Your answer is the lines below, exactly, from the one that contains "have [kappa [k0 infsup]] := hinfsup." through the one that contains "split; first exact: wp.", both included.

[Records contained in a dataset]
_ _ _

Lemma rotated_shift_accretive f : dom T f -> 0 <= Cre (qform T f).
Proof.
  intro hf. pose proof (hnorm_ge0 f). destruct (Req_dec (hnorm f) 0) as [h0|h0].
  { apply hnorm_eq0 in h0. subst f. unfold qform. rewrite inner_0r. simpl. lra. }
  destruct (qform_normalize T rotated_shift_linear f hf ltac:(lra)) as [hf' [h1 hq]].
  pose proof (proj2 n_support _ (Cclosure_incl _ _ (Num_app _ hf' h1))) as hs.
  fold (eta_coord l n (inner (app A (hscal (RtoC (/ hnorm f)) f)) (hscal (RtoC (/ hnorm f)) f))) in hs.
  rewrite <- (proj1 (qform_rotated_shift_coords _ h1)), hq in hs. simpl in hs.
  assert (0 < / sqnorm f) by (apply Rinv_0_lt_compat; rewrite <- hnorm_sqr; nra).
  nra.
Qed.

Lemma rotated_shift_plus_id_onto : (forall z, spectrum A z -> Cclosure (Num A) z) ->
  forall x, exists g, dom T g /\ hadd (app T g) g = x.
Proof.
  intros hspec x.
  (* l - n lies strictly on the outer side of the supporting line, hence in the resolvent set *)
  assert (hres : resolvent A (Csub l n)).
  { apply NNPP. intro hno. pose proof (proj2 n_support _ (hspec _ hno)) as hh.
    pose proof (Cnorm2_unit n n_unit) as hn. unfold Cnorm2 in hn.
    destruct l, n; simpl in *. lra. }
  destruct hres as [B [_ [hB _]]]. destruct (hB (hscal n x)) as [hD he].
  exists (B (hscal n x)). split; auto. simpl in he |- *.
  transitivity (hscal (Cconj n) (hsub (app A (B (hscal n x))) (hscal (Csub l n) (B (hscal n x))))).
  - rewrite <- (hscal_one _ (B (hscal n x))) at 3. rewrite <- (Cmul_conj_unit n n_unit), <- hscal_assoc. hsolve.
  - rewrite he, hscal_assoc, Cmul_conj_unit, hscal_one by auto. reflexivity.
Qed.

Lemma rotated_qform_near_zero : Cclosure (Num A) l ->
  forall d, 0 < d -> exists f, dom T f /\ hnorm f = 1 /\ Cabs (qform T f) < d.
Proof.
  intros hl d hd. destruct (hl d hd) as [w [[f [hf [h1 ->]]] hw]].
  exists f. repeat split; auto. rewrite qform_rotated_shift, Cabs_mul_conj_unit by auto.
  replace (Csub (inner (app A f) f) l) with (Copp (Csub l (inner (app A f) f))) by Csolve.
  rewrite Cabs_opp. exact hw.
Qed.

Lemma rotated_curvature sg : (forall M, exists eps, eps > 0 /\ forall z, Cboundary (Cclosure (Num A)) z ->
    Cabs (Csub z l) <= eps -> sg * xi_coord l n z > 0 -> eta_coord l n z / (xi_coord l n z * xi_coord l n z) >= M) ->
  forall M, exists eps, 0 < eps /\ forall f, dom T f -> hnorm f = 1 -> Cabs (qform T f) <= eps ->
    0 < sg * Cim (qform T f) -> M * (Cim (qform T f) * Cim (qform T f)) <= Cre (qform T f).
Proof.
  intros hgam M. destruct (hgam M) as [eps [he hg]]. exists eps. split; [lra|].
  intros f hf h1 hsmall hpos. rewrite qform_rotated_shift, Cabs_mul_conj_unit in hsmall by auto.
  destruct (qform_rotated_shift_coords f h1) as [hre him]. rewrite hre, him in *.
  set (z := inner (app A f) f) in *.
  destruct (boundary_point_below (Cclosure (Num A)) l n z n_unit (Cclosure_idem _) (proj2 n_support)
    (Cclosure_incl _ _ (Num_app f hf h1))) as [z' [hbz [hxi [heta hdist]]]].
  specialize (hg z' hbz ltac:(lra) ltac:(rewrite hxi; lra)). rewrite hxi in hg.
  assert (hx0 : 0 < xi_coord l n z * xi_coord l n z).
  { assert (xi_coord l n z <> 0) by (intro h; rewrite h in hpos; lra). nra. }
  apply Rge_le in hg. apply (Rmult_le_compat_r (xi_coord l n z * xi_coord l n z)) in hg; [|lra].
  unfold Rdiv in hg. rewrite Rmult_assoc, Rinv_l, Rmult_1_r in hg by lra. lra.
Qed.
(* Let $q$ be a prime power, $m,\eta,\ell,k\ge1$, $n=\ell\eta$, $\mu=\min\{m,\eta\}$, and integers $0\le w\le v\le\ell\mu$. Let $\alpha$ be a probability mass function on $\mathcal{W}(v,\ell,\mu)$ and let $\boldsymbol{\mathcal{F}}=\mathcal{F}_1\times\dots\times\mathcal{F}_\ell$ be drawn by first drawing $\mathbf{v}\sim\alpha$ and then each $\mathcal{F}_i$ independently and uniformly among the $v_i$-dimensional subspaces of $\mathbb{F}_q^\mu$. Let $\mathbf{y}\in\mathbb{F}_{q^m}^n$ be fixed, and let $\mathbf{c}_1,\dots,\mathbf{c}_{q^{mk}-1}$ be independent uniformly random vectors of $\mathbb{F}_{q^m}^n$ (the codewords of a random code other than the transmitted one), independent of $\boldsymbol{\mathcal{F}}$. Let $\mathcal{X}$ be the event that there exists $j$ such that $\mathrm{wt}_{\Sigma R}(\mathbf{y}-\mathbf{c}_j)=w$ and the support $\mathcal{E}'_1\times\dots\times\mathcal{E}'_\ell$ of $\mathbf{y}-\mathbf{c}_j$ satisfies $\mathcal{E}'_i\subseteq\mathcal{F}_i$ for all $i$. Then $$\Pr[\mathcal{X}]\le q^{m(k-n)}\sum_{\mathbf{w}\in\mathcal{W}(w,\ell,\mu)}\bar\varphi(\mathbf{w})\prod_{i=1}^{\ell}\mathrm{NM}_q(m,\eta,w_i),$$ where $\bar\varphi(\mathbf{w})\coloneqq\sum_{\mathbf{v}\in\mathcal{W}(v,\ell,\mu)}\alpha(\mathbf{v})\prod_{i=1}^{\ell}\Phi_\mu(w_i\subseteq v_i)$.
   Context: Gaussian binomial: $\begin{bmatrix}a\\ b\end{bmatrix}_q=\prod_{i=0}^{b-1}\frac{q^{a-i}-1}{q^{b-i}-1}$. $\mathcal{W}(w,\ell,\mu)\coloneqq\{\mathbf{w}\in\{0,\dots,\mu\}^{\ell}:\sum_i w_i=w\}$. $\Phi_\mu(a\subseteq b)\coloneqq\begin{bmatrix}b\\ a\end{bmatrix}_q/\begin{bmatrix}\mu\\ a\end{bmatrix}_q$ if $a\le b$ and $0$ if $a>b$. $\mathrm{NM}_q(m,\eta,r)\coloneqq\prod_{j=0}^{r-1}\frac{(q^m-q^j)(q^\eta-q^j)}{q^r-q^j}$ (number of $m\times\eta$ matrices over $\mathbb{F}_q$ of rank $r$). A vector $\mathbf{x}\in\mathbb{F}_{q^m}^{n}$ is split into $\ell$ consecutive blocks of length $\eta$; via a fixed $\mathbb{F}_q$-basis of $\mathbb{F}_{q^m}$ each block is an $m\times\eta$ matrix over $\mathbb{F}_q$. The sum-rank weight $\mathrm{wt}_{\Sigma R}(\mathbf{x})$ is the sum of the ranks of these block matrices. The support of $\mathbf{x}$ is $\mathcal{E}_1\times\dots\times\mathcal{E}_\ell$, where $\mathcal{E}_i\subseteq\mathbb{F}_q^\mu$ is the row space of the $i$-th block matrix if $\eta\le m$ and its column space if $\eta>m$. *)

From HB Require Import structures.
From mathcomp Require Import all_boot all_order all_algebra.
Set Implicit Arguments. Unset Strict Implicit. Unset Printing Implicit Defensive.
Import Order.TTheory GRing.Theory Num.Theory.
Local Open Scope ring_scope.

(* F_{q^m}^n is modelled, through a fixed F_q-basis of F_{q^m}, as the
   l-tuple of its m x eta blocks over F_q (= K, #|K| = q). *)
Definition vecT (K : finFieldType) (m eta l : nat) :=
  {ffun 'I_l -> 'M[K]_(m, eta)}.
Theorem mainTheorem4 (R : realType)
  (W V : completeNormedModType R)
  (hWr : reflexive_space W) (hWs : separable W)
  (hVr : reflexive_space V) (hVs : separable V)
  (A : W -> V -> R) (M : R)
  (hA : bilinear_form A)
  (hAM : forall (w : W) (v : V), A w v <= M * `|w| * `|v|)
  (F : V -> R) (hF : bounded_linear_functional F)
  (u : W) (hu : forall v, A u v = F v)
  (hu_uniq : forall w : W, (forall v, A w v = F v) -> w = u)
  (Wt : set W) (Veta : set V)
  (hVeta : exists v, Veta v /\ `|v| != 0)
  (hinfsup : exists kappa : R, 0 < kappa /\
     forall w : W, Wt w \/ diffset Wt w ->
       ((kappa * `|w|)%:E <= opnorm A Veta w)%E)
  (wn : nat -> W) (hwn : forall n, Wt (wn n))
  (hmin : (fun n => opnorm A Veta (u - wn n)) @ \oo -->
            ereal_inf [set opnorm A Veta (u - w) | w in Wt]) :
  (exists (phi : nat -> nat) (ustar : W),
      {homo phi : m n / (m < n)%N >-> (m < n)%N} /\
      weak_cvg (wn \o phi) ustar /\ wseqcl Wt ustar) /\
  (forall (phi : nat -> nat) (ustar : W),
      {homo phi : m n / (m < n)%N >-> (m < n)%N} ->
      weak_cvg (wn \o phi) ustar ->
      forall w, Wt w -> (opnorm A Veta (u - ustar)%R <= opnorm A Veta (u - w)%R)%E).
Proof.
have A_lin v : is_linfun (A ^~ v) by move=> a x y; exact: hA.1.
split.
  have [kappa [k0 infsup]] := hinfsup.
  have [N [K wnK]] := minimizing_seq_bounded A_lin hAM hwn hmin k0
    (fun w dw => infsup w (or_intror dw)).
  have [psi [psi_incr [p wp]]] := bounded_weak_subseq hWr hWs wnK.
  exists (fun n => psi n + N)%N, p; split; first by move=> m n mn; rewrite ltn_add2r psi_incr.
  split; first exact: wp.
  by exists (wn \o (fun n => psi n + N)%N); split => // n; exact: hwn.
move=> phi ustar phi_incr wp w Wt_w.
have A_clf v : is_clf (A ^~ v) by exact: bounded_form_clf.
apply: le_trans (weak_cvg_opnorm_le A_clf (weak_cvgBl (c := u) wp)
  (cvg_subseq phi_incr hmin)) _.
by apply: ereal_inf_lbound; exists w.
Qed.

_ _ _

Response for this exercise:
  have [kappa [k0 infsup]] := hinfsup.
  have [N [K wnK]] := minimizing_seq_bounded A_lin hAM hwn hmin k0
    (fun w dw => infsup w (or_intror dw)).
  have [psi [psi_incr [p wp]]] := bounded_weak_subseq hWr hWs wnK.
  exists (fun n => psi n + N)%N, p; split; first by move=> m n mn; rewrite ltn_add2r psi_incr.
  split; first exact: wp.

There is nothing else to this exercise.